* **Action item**: Lines from the beginning of the data below through the one containing "Definition finite_depth A" are to be printed exactly as they appear.

* **Data for the task**:
Definition labels A (ch : Seq (rtree A)) : Seq A :=
  match ch with
  | SFin n f => SFin (fun i => label (f i))
  | SInf f => SInf (fun k => label (f k))
  end.

Fixpoint is_RT (K : CLSemiring) (W : wARS K) (t : rtree (wA W)) : Prop :=
  match t with
  | RLeaf _ => True
  | RNode a ch =>
      step a (labels ch) /\
      match ch with
      | SFin n f => forall i, is_RT (f i)
      | SInf f => forall k, is_RT (f k)
      end
  end.

Fixpoint depth_le A (t : rtree A) (d : nat) : Prop :=
  match t with
  | RLeaf _ => True
  | RNode _ ch =>
      match d with
      | 0 => False
      | d'.+1 =>
          match ch with
          | SFin n f => forall i, depth_le (f i) d'
          | SInf f => forall k, depth_le (f k) d'
          end
      end
  end.

Definition finite_depth A (t : rtree A) : Prop := exists d, depth_le t d.

(* nodes are addressed by paths of (0-based) child indices from the root *)
Definition child A (ch : Seq (rtree A)) (j : nat) : option (rtree A) :=
  match ch with
  | SFin n f => match insub j with Some i => Some (f i) | None => None end
  | SInf f => Some (f j)
  end.

Fixpoint subtree_at A (p : list nat) (t : rtree A) : option (rtree A) :=
  match p with
  | [::] => Some t
  | j :: q =>
      match t with
      | RLeaf _ => None
      | RNode _ ch =>
          match child ch j with Some c => subtree_at q c | None => None end
      end
  end.

Definition sub_mark (p : option (list nat)) (k : nat) : option (list nat) :=
  match p with
  | Some (j :: q) => if j == k then Some q else None
  | _ => None
  end.

(* Weight of a tree where the leaf at path [p] (if [p = Some _]) gets   *)
(* value [x] instead of its usual weight.                               *)
Fixpoint wtX (K : CLSemiring) (W : wARS K) (x : K) (p : option (list nat))
    (t : rtree (wA W)) : K :=
  match t with
  | RLeaf a =>
      match p with
      | Some [::] => x
      | _ => if excluded_middle_informative (NF a) then fNF a
             else szero K
      end
  | RNode a ch =>
      aeval
        (match ch with
         | SFin n f => fun k =>
             match insub k with
             | Some i => wtX x (sub_mark p k) (f i)
             | None => szero K
             end
         | SInf f => fun k => wtX x (sub_mark p k) (f k)
         end)
        (Aggr a (labels ch))
  end.

Definition weight (K : CLSemiring) (W : wARS K) (t : rtree (wA W)) : K :=
  wtX (szero K) None t.

(* P_{v0}(T)(s): the induced weight polynomial evaluated at X := s *)
Definition polyval (K : CLSemiring) (W : wARS K) (t : rtree (wA W))
    (v0 : list nat) (s : K) : K :=
  wtX s (Some v0) t.

Definition sem (K : CLSemiring) (W : wARS K) (a : wA W) : K :=
  ssup (fun w => exists t : rtree (wA W),
          [/\ is_RT t, finite_depth t, label t = a & w = weight t]).

(* Grafting a copy of T onto the leaf v0 of T turns the weight s of the grafted tree into P_{v0}(T)(s).
   Iterating from the single leaf a yields reduction trees of finite depth with root a whose weights
   w_{n+1} = P_{v0}(T)(w_n) dominate w_n + t, hence the n-fold sums of t. So [[a]] bounds every partial
   sum of t + t + ..., whose supremum is top. *)
From Stdlib Require Import FunctionalExtensionality.
From mathcomp Require Import all_boot.

Set Implicit Arguments.
Unset Strict Implicit.
Unset Printing Implicit Defensive.

Section CompleteLatticeSemiring.
Variable K : CLSemiring.
Implicit Types x y z : K.

Lemma sadd0r x : sadd x (szero K) = x.
Proof. by rewrite saddC sadd0. Qed.

Lemma nle_trans x y z : nle x y -> nle y z -> nle x z.
Proof. by move=> [u <-] [v <-]; exists (sadd u v); rewrite saddA. Qed.

Lemma nle_addl x y : nle y (sadd x y).
Proof. by exists x; rewrite saddC. Qed.

Lemma nle_add2l x y z : nle x y -> nle (sadd z x) (sadd z y).
Proof. by move=> [u <-]; exists u; rewrite saddA. Qed.

Lemma nle_top x : nle x (top K).
Proof. exact: ssup_ub. Qed.

Lemma top_nle_eq x : nle (top K) x -> x = top K.
Proof. by move=> Htop; apply: snle_antisym (nle_top x) Htop. Qed.

Lemma isum_least (g : nat -> K) x : (forall n, nle (psum g n) x) -> nle (isum g) x.
Proof. by move=> Hg; apply: ssup_least => _ [n ->]; apply: Hg. Qed.

Lemma psum0 (g : nat -> K) : psum g 0 = g 0.
Proof. by rewrite /psum /= sadd0r. Qed.

Lemma psumS (g : nat -> K) n : psum g n.+1 = sadd (g 0) (psum (fun i => g i.+1) n).
Proof. by rewrite /psum -[iota 0 _]/(0 :: iota 1 n.+1) (iotaDl 1 0) map_cons -map_comp. Qed.

End CompleteLatticeSemiring.

Section Grafting.
Variable A : Type.
Implicit Types (t U : rtree A) (ch : Seq (rtree A)).

Lemma child_SFin n (f : 'I_n.+1 -> rtree A) (i : 'I_n.+1) : child (SFin f) i = Some (f i).
Proof. by rewrite /= valK. Qed.

Lemma all_childP (P : rtree A -> Prop) ch :
  (forall k c, child ch k = Some c -> P c) <->
  match ch with SFin n f => forall i, P (f i) | SInf f => forall k, P (f k) end.
Proof.
case: ch => [n f|f]; split=> [Hch|Hf k c] /=.
- by move=> i; apply: (Hch i); rewrite child_SFin.
- by case: insubP => // i _ _ [<-].
- by move=> k; exact: (Hch k).
- by case=> <-.
Qed.

Lemma rtree_child_ind (P : rtree A -> Prop) :
  (forall a, P (RLeaf a)) ->
  (forall a ch, (forall k c, child ch k = Some c -> P c) -> P (RNode a ch)) ->
  forall t, P t.
Proof.
move=> Pleaf Pnode; fix IH 1 => -[a|a ch]; first exact: Pleaf.
apply: Pnode; apply/all_childP; case: ch => [n f|f] => [i|k]; exact: IH.
Qed.

Lemma depth_le_mono t d e : depth_le t d -> d <= e -> depth_le t e.
Proof.
elim/rtree_child_ind: t d e => // a ch IH [|d] [|e] //=.
move=> /(all_childP (fun c => depth_le c d)) Hch le_de.
apply/(all_childP (fun c => depth_le c e)) => k c Hc.
exact: IH Hc _ _ (Hch k c Hc) le_de.
Qed.

Definition graft_child (j : nat) (g : rtree A -> rtree A) ch : Seq (rtree A) :=
  match ch with
  | SFin n f => SFin (fun i : 'I_n.+1 => if val i == j then g (f i) else f i)
  | SInf f => SInf (fun k => if k == j then g (f k) else f k)
  end.

Fixpoint graft (p : list nat) U t : rtree A :=
  match p, t with
  | [::], _ => U
  | j :: q, RNode a ch => RNode a (graft_child j (graft q U) ch)
  | _ :: _, RLeaf a => RLeaf a
  end.

Lemma child_graft j g ch k :
  child (graft_child j g ch) k = if k == j then omap g (child ch k) else child ch k.
Proof.
case: ch => [n f|f] /=; last by case: eqP.
by case: insubP => [i _ <-|_]; case: eqP.
Qed.

Lemma labels_graft j g ch :
  (forall c, child ch j = Some c -> label (g c) = label c) ->
  labels (graft_child j g ch) = labels ch.
Proof.
case: ch => [n f|f] Hg /=; congr SFin || congr SInf; apply: functional_extensionality.
- by move=> i; case: eqP => // Hi; apply: Hg; rewrite -Hi child_SFin.
- by move=> k; case: eqP => // ->; apply: Hg.
Qed.

Lemma label_graft p U t :
  subtree_at p t = Some (RLeaf (label U)) -> label (graft p U t) = label t.
Proof. by case: p => [[->]|j q] //; case: t. Qed.

Lemma labels_graft_path j q U ch c :
  child ch j = Some c -> subtree_at q c = Some (RLeaf (label U)) ->
  labels (graft_child j (graft q U) ch) = labels ch.
Proof. by move=> Hc Hq; apply: labels_graft => c'; rewrite Hc => -[<-]; exact: label_graft. Qed.

Lemma depth_graft p U t d e :
  depth_le t d -> depth_le U e -> depth_le (graft p U t) (d + e).
Proof.
elim: p t d => [|j q IH] t d /=; first by move=> _ HU; apply: depth_le_mono HU (leq_addl _ _).
case: t => [a _ _ //|a ch]; case: d => [[]|d] /=.
move=> /(all_childP (fun c => depth_le c d)) Hch HU.
apply/(all_childP (fun c => depth_le c (d + e))) => k c.
rewrite child_graft; case: eqP => _.
  by case Hc: (child ch k) => [c'|] //= [<-]; apply: IH HU; exact: Hch Hc.
by move=> Hc; apply: depth_le_mono (Hch _ _ Hc) (leq_addr _ _).
Qed.

End Grafting.

Section GraftedWeights.
Variables (K : CLSemiring) (W : wARS K).
Implicit Types (t U : rtree (wA W)) (ch : Seq (rtree (wA W))).

Lemma is_RT_graft p U t :
  subtree_at p t = Some (RLeaf (label U)) -> is_RT t -> is_RT U -> is_RT (graft p U t).
Proof.
elim: p t => [|j q IH] [a|a ch] //= Hs [Hstep /all_childP Hch] HU.
case Hc: (child ch j) Hs => [c|//] Hq; rewrite (labels_graft_path Hc Hq); split=> //.
apply/all_childP => k c'; rewrite child_graft; case: eqP => [->|_]; last exact: Hch.
by rewrite Hc => -[<-]; apply: IH Hq (Hch _ _ Hc) HU.
Qed.

Lemma wtX_node x p a ch :
  wtX x p (RNode a ch) =
  aeval (fun k => oapp (wtX x (sub_mark p k)) (szero K) (child ch k)) (Aggr a (labels ch)).
Proof.
case: ch => [n f|f] //=; congr aeval; apply: functional_extensionality => k.
by case: insub.
Qed.

Lemma wtX_unmarked x t : wtX x None t = weight t.
Proof.
elim/rtree_child_ind: t => // a ch IH; rewrite /weight !wtX_node.
congr aeval; apply: functional_extensionality => k.
by case Hc: (child ch k) => [c|] //=; exact: IH Hc.
Qed.

Lemma weight_graft p U t :
  subtree_at p t = Some (RLeaf (label U)) -> weight (graft p U t) = polyval t p (weight U).
Proof.
rewrite /polyval; elim: p t => [|j q IH] [a|a ch]; [by case=> -> | by case | by move=> /= |].
rewrite [subtree_at _ _]/=; case Hc: (child ch j) => [c|//] Hq.
rewrite /weight !wtX_node (labels_graft_path Hc Hq).
congr aeval; apply: functional_extensionality => k; rewrite child_graft /=.
case: eqP => [->|/eqP ne_kj]; first by rewrite Hc eqxx /=; exact: IH.
by rewrite eq_sym (negbTE ne_kj); case: (child ch k) => //= c'; rewrite (wtX_unmarked (weight U)).
Qed.

End GraftedWeights.

Section Pumping.
Variables (K : CLSemiring) (W : wARS K) (a : wA W) (T : rtree (wA W)) (v0 : list nat).
Hypotheses (RT_T : is_RT T) (depth_T : finite_depth T) (label_T : label T = a)
  (leaf_v0 : subtree_at v0 T = Some (RLeaf a)).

* **Expected output**:
Definition labels A (ch : Seq (rtree A)) : Seq A :=
  match ch with
  | SFin n f => SFin (fun i => label (f i))
  | SInf f => SInf (fun k => label (f k))
  end.

Fixpoint is_RT (K : CLSemiring) (W : wARS K) (t : rtree (wA W)) : Prop :=
  match t with
  | RLeaf _ => True
  | RNode a ch =>
      step a (labels ch) /\
      match ch with
      | SFin n f => forall i, is_RT (f i)
      | SInf f => forall k, is_RT (f k)
      end
  end.

Fixpoint depth_le A (t : rtree A) (d : nat) : Prop :=
  match t with
  | RLeaf _ => True
  | RNode _ ch =>
      match d with
      | 0 => False
      | d'.+1 =>
          match ch with
          | SFin n f => forall i, depth_le (f i) d'
          | SInf f => forall k, depth_le (f k) d'
          end
      end
  end.

Definition finite_depth A (t : rtree A) : Prop := exists d, depth_le t d.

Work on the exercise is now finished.